C’est donc dans les années 40 que la mesure des grandeurs macroéconomiques a pris sa place
parmi les outils de politique économique. Deux ouvrages fondamentaux parus en 1940 ont été
à l’origine de son développement pour la gestion macroéconomique et pour l’interprétation de
l’Histoire : « How to pay for the war » de J. M. Keynes et « The conditions of economic
progress » de C. Clark. Tout un ensemble d’auteurs ont suivi, emmenés par S. Kuznets,
pionnier de l’histoire économique quantitative d’une part, et par J. Meade et R. Stone, qui ont
contribué à standardiser la comptabilité nationale, d’autre part.

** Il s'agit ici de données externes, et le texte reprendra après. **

(* Let $\tau$ be a distributive triangle function on $\Delta^+$, $\Sigma$ a ring of subsets of $\Omega\ne\emptyset$, $\gamma$ a $\tau$-decomposable measure on $\Sigma$, and $f,g$ simple functions with $f\le g$. Then $\int_E f\,d\gamma\ge\int_E g\,d\gamma$ for every $E\in\Sigma$.
   Context: $\Delta^+$: functions $F:[-\infty,+\infty]\to[0,1]$ non-decreasing, left-continuous on $\mathbb{R}$, $F(x)=0$ for $x\le0$, $F(+\infty)=1$, ordered pointwise; $\varepsilon_0(x)=1$ if $x>0$, else $0$. Triangle function: symmetric, associative $\tau:\Delta^+\times\Delta^+\to\Delta^+$, non-decreasing in each variable, identity $\varepsilon_0$; $G\oplus H=\tau(G,H)$, $\bigoplus_{k=1}^nG_k=\tau(G_1,\bigoplus_{k=2}^nG_k)$. $c\odot G=\varepsilon_0$ if $c=0$, $(c\odot G)(x)=G(x/c)$ if $c>0$; $\tau$ distributive if $c\odot(G\oplus H)=(c\odot G)\oplus(c\odot H)$ for all $c\ge0$. $\tau$-decomposable measure: $\gamma:\Sigma\to\Delta^+$ with $\gamma_\emptyset=\varepsilon_0$, $\gamma_{A\cup B}=\tau(\gamma_A,\gamma_B)$ for disjoint $A,B\in\Sigma$. A simple function is $f=\sum_{i=1}^nx_i\chi_{E_i}$ with $x_i\in[0,\infty)$ and $E_i\in\Sigma$ pairwise disjoint, and $\int_Ef\,d\gamma=\bigoplus_{i=1}^nx_i\odot\gamma_{E\cap E_i}$ (independent of the representation). *)

From HB Require Import structures.
From mathcomp Require Import all_boot all_order all_algebra.
From mathcomp Require Import all_classical all_reals all_analysis.
Set Implicit Arguments. Unset Strict Implicit. Unset Printing Implicit Defensive.
Import Order.TTheory GRing.Theory Num.Theory.
Import numFieldNormedType.Exports.
Local Open Scope classical_set_scope.
Local Open Scope ring_scope.

Section Defs.
Variable R : realType.

Definition dfun := \bar R -> R.

Definition inDelta (F : dfun) : Prop :=
  [/\ (forall x, 0 <= F x <= 1),
      (forall x y : \bar R, (x <= y)%E -> F x <= F y),
      (forall x : R, (fun y : R => F y%:E) @ x^'- --> F x%:E),
      (forall x : \bar R, (x <= 0)%E -> F x = 0)
    & F +oo%E = 1].

Definition dle (F G : dfun) : Prop := forall x : \bar R, F x <= G x.

Definition eps0 : dfun := fun x => if (0 < x)%E then 1 else 0.

Definition dscale (c : R) (G : dfun) : dfun :=
  if c == 0 then eps0 else fun x => G (x * (c^-1)%:E)%E.

Definition is_triangle_function (tau : dfun -> dfun -> dfun) : Prop :=
  [/\ (forall G H, inDelta G -> inDelta H -> inDelta (tau G H)),
      (forall G H, inDelta G -> inDelta H -> tau G H = tau H G),
      (forall G H K, inDelta G -> inDelta H -> inDelta K ->
          tau G (tau H K) = tau (tau G H) K),
      ((forall G G' H, inDelta G -> inDelta G' -> inDelta H ->
          dle G G' -> dle (tau G H) (tau G' H)) /\
      (forall G H H', inDelta G -> inDelta H -> inDelta H' ->
          dle H H' -> dle (tau G H) (tau G H')))
    & (forall G, inDelta G -> tau G eps0 = G)].

Definition distributive_tf (tau : dfun -> dfun -> dfun) : Prop :=
  forall (c : R) G H, 0 <= c -> inDelta G -> inDelta H ->
    dscale c (tau G H) = tau (dscale c G) (dscale c H).

Definition tau_decomposable {Omega : Type} (tau : dfun -> dfun -> dfun)
  (Sigma : set (set Omega)) (gamma : set Omega -> dfun) : Prop :=
  [/\ (forall A, Sigma A -> inDelta (gamma A)),
      gamma set0 = eps0
    & (forall A B, Sigma A -> Sigma B -> A `&` B = set0 ->
         gamma (A `|` B) = tau (gamma A) (gamma B))].

Definition simple_rep {Omega : Type} (Sigma : set (set Omega)) (n : nat)
  (x : 'I_n -> R) (E : 'I_n -> set Omega) (f : Omega -> R) : Prop :=
  [/\ (forall i, 0 <= x i),
      (forall i, Sigma (E i)),
      (forall i j, i != j -> E i `&` E j = set0)
    & (forall w, f w = \sum_(i < n) x i * \1_(E i) w)].

(* int_A f dgamma := (+)_{i} x_i ⊙ gamma_{A ∩ E_i}, n-ary (+) as a right fold
   tau(G_1, tau(G_2, ... tau(G_n, eps0))) (eps0 is the identity of tau). *)
Definition simple_integral {Omega : Type} (tau : dfun -> dfun -> dfun)
  (gamma : set Omega -> dfun) (n : nat) (x : 'I_n -> R)
  (E : 'I_n -> set Omega) (A : set Omega) : dfun :=
  \big[tau/eps0]_(i < n) dscale (x i) (gamma (A `&` E i)).

End Defs.

From Pilot Require Import Defs.
From HB Require Import structures.
From mathcomp Require Import all_boot all_order all_algebra.
From mathcomp Require Import all_classical all_reals all_analysis.
Import Order.TTheory GRing.Theory Num.Theory.
Import numFieldNormedType.Exports.
(* Imported again so that [dscale] means [Defs.dscale], not [derive.dscale]. *)
Import Pilot.Defs.
Local Open Scope classical_set_scope.
Local Open Scope ring_scope.

(* Both integrals are tau-decomposable in the set variable, so it suffices to
   compare them on the pieces [A `&` E_i] of [f] and on the rest of [A].
   On a piece where [f = x_i <= g], distributivity and the antitonicity of
   [c ⊙ G] in [c] give [∫ g <= x_i ⊙ γ <= ∫ f]; on the rest [f = 0], so [∫ f]
   is [eps0], the top element of Δ⁺. *)

Set Implicit Arguments.
Unset Strict Implicit.
Unset Printing Implicit Defensive.

Section distribution_functions.
Variable R : realType.
Implicit Types (F G H : dfun R) (c : R).

Lemma dle_refl F : dle F F.
Proof. by []. Qed.

Lemma dle_trans G F H : dle F G -> dle G H -> dle F H.
Proof. by move=> FG GH x; exact: le_trans (FG x) (GH x). Qed.

Lemma inDelta_eps0 : inDelta (@eps0 R).
Proof.
rewrite /eps0; split.
- by move=> x; case: ifP => _; rewrite ?lexx ?ler01.
- by move=> x y xy; case: ifP => [x0|]; rewrite ?(lt_le_trans x0 xy) //; case: ifP.
- move=> x; apply: cvg_near_cst; have [x_le0|x_gt0] := leP x 0.
    near=> y; have y_le0 : y <= 0.
      by apply: le_trans x_le0; apply/ltW; near: y; exact: nbhs_left_lt.
    by rewrite !lte_fin !ltNge x_le0 y_le0.
  near=> y; have y_gt0 : 0 < y by near: y; exact: nbhs_left_gt.
  by rewrite !lte_fin x_gt0 y_gt0.
- by move=> x x_le0; rewrite ltNge x_le0.
- by rewrite ltry.
Unshelve. all: end_near. Qed.

Lemma dle_eps0 F : inDelta F -> dle F (@eps0 R).
Proof.
case=> F01 _ _ F_le0 _ x; rewrite /eps0; case: ifP => [_|x_gt0].
  by case/andP: (F01 x).
by rewrite F_le0 // leNgt x_gt0.
Qed.

Lemma dscale0 F : dscale 0 F = @eps0 R.
Proof. by rewrite /dscale eqxx. Qed.

Lemma dscale_eps0 c : 0 <= c -> dscale c (@eps0 R) = @eps0 R.
Proof.
rewrite le_eqVlt => /predU1P[<-|c_gt0]; first exact: dscale0.
rewrite /dscale gt_eqF //; apply: funext => x.
by rewrite /eps0 pmule_lgt0 // lte_fin invr_gt0.
Qed.

Lemma inDelta_dscale c F : 0 <= c -> inDelta F -> inDelta (dscale c F).
Proof.
rewrite le_eqVlt => /predU1P[<-|c_gt0] FP; first by rewrite dscale0; exact: inDelta_eps0.
case: FP => F01 F_mono F_left F_le0 F_infty.
have cV_gt0 : (0 < (c^-1)%:E)%E by rewrite lte_fin invr_gt0.
rewrite /dscale gt_eqF //; split => //.
- by move=> x y xy; apply: F_mono; rewrite lee_pmul2r.
- move=> x; have -> : (fun y : R => F (y%:E * (c^-1)%:E)%E) =
                      (fun y : R => F y%:E) \o ( *%R^~ c^-1).
    by apply: funext => y /=; rewrite EFinM.
  rewrite -EFinM.
  apply: (@increasing_cvg_at_left_comp R ( *%R^~ c^-1) (fun y => F y%:E)
           (BInfty R true)) => //.
  + by move=> a b _ _ ab; rewrite ltr_pM2r // invr_gt0.
  + exact/cvg_at_left_filter/mulrr_continuous.
- by move=> x x_le0; apply: F_le0; rewrite pmule_lle0.
- by rewrite gt0_mulye.
Qed.

Lemma dle_dscale c G H : dle G H -> dle (dscale c G) (dscale c H).
Proof. by move=> GH; rewrite /dscale; case: eqP => _ x //; exact: GH. Qed.

Lemma dle_dscale_scalar c c' F : inDelta F -> 0 <= c -> c <= c' ->
  dle (dscale c' F) (dscale c F).
Proof.
move=> FP; rewrite le_eqVlt => /predU1P[<- c'_ge0|c_gt0 cc'].
  by rewrite dscale0; apply/dle_eps0/inDelta_dscale.
have c'_gt0 := lt_le_trans c_gt0 cc'.
case: FP => _ F_mono _ F_le0 _.
rewrite /dscale !gt_eqF // => x; have [x_le0|x_gt0] := leP x 0%E.
  by rewrite !F_le0 // pmule_lle0 // lte_fin invr_gt0.
apply: F_mono; case: x x_gt0 => [r| |] // r_gt0.
  by rewrite -!EFinM lee_fin ler_pM2l -?lte_fin // lef_pV2 ?posrE.
by rewrite !gt0_mulye // lte_fin invr_gt0.
Qed.

End distribution_functions.

Section triangle_function.
Variables (R : realType) (tau : dfun R -> dfun R -> dfun R).
Hypothesis tauP : is_triangle_function tau.
Implicit Types (F G H K : dfun R) (c : R).

Lemma inDelta_tau G H : inDelta G -> inDelta H -> inDelta (tau G H).
Proof. by case: tauP => + _ _ _ _; apply. Qed.

Lemma tauC G H : inDelta G -> inDelta H -> tau G H = tau H G.
Proof. by case: tauP => _ + _ _ _; apply. Qed.

Lemma tauA G H K : inDelta G -> inDelta H -> inDelta K ->
  tau G (tau H K) = tau (tau G H) K.
Proof. by case: tauP => _ _ + _ _; apply. Qed.

Lemma tau_eps0 G : inDelta G -> tau G (@eps0 R) = G.
Proof. by case: tauP => _ _ _ _; apply. Qed.

Lemma dle_tau G G' H H' : inDelta G -> inDelta G' -> inDelta H -> inDelta H' ->
  dle G G' -> dle H H' -> dle (tau G H) (tau G' H').
Proof.
case: tauP => _ _ _ [tau_monol tau_monor] _ GP G'P HP H'P GG' HH'.
by apply: (dle_trans (tau_monol _ _ _ GP G'P HP GG')); exact: tau_monor.
Qed.

Lemma dle_taul G H : inDelta G -> inDelta H -> dle (tau G H) G.
Proof.
move=> GP HP; rewrite -[X in dle _ X]tau_eps0 //.
exact: (dle_tau GP GP HP (@inDelta_eps0 R) (dle_refl G) (dle_eps0 HP)).
Qed.

Lemma inDelta_big_tau n (F : 'I_n -> dfun R) : (forall i, inDelta (F i)) ->
  inDelta (\big[tau/@eps0 R]_(i < n) F i).
Proof.
elim: n F => [|n IH] F FP; first by rewrite big_ord0; exact: inDelta_eps0.
by rewrite big_ord_recl; apply: inDelta_tau => //; exact: IH.
Qed.

Lemma dle_big_tau n (F G : 'I_n -> dfun R) :
  (forall i, inDelta (F i)) -> (forall i, inDelta (G i)) ->
  (forall i, dle (F i) (G i)) ->
  dle (\big[tau/@eps0 R]_(i < n) F i) (\big[tau/@eps0 R]_(i < n) G i).
Proof.
elim: n F G => [|n IH] F G FP GP FG; first by rewrite !big_ord0; exact: dle_refl.
rewrite !big_ord_recl; apply: dle_tau => //; try exact: inDelta_big_tau.
exact: IH.
Qed.

Lemma big_tau_eps0 n : \big[tau/@eps0 R]_(i < n) @eps0 R = @eps0 R.
Proof.
elim: n => [|n IH]; first by rewrite big_ord0.
by rewrite big_ord_recl IH tau_eps0 //; exact: inDelta_eps0.
Qed.

Lemma big_split_tau n (F G : 'I_n -> dfun R) :
  (forall i, inDelta (F i)) -> (forall i, inDelta (G i)) ->
  \big[tau/@eps0 R]_(i < n) tau (F i) (G i) =
  tau (\big[tau/@eps0 R]_(i < n) F i) (\big[tau/@eps0 R]_(i < n) G i).
Proof.
elim: n F G => [|n IH] F G FP GP.
  by rewrite !big_ord0 tau_eps0 //; exact: inDelta_eps0.
rewrite !big_ord_recl IH //.
set F' := \big[tau/_]_(i < n) _; set G' := \big[tau/_]_(i < n) _.
have F'P : inDelta F' by exact: inDelta_big_tau.
have G'P : inDelta G' by exact: inDelta_big_tau.
have F0P := FP ord0; have G0P := GP ord0.
rewrite -(tauA F0P G0P (inDelta_tau F'P G'P)) (tauA G0P F'P G'P) (tauC G0P F'P).
by rewrite -(tauA F'P G0P G'P) (tauA F0P F'P (inDelta_tau G0P G'P)).
Qed.

Hypothesis tau_distr : distributive_tf tau.

Lemma dscale_big_tau c n (F : 'I_n -> dfun R) : 0 <= c ->
  (forall i, inDelta (F i)) ->
  dscale c (\big[tau/@eps0 R]_(i < n) F i) =
  \big[tau/@eps0 R]_(i < n) dscale c (F i).
Proof.
move=> c_ge0; elim: n F => [|n IH] F FP; first by rewrite !big_ord0 dscale_eps0.
rewrite !big_ord_recl tau_distr ?IH //; exact: inDelta_big_tau.
Qed.

End triangle_function.

Lemma bigcup_ord_recl (T : Type) n (F : 'I_n.+1 -> set T) :
  \bigcup_i F i = F ord0 `|` \bigcup_i F (lift ord0 i).
Proof.
apply/seteqP; split=> w /=.
  by case=> i _; have [j ->|->] := unliftP ord0 i; [right; exists j|left].
by case=> [F0w|[j _ Fjw]]; [exists ord0|exists (lift ord0 j)].
Qed.

Section ring_of_sets.
Variables (T : Type) (Sigma : set (set T)).
Hypothesis Sigma_ring : setring Sigma.

Lemma setring_setD A B : Sigma A -> Sigma B -> Sigma (A `\` B).
Proof. by case: Sigma_ring => _ _; apply. Qed.

Lemma setring_setI A B : Sigma A -> Sigma B -> Sigma (A `&` B).
Proof. by move=> SA SB; rewrite -setDD; do 2?apply: setring_setD. Qed.

Lemma setring_bigcup n (F : 'I_n -> set T) : (forall i, Sigma (F i)) ->
  Sigma (\bigcup_i F i).
Proof.
have [S0 SU _] := Sigma_ring.
by move=> SF; apply: (fin_bigcup_closedP _).1 => // i _; exact: SF.
Qed.

End ring_of_sets.

Section decomposable_measure.
Variables (R : realType) (tau : dfun R -> dfun R -> dfun R).
Variables (Omega : Type) (Sigma : set (set Omega)).
Hypotheses (tauP : is_triangle_function tau) (Sigma_ring : setring Sigma).

Section one_measure.
Variable mu : set Omega -> dfun R.
Hypothesis muP : tau_decomposable tau Sigma mu.

Lemma inDelta_decomposable A : Sigma A -> inDelta (mu A).
Proof. by case: muP => + _ _; apply. Qed.

Lemma decomposable_bigcup n (F : 'I_n -> set Omega) :
  (forall i, Sigma (F i)) -> (forall i j, i != j -> F i `&` F j = set0) ->
  mu (\bigcup_i F i) = \big[tau/@eps0 R]_(i < n) mu (F i).
Proof.
have [_ mu0 muU] := muP.
elim: n F => [|n IH] F SF F_disj.
  by rewrite big_ord0 -mu0; congr mu; apply/seteqP; split=> w // -[[]].
rewrite bigcup_ord_recl big_ord_recl muU ?IH //.
- by move=> i j ij; apply: F_disj; rewrite (inj_eq lift_inj).
- exact: setring_bigcup.
- rewrite setI_bigcupr; apply: bigcup0 => i _.
  exact/F_disj/neq_lift.
Qed.

Lemma decomposable_partition n (E : 'I_n -> set Omega) B :
  (forall i, Sigma (E i)) -> (forall i j, i != j -> E i `&` E j = set0) ->
  Sigma B ->
  mu B = tau (\big[tau/@eps0 R]_(i < n) mu (B `&` E i))
             (mu (B `\` \bigcup_i E i)).
Proof.
move=> SE E_disj SB; have [_ _ muU] := muP.
have SBE i : Sigma (B `&` E i) by apply: setring_setI.
rewrite -{1}(setUIDK B (\bigcup_i E i)) muU; first last.
- by apply/seteqP; split=> w // -[[_ ?] [_ ?]].
- by apply: setring_setD => //; exact: setring_bigcup.
- by apply: setring_setI => //; exact: setring_bigcup.
rewrite setI_bigcupr decomposable_bigcup // => i j ij.
by rewrite setIACA setIid E_disj // setI0.
Qed.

Sur la suggestion de Keynes,
ils ont publié ensemble un article fondateur dans l’Economic Journal (mai-septembre 1941) :
« The construction of tables of national income, expenditure, savings and investment ». Cet
article qui présentait la structure de la comptabilité nationale qu’ils avaient élaborée ensemble.
Il fut la pierre angulaire du mémorandum de 1945 publié par les Nations Unies en 1947. La
comptabilité nationale, la macroéconomie keynésienne et la régulation de la demande agrégée
sont donc les trois piliers de la mesure des agrégats économiques.
Parallèlement aux investigations sur la comptabilité nationale mais indépendamment de
celles-ci, Wassily Leontief a introduit l’analyse entrées-sorties à Harvard, à compter de 1932.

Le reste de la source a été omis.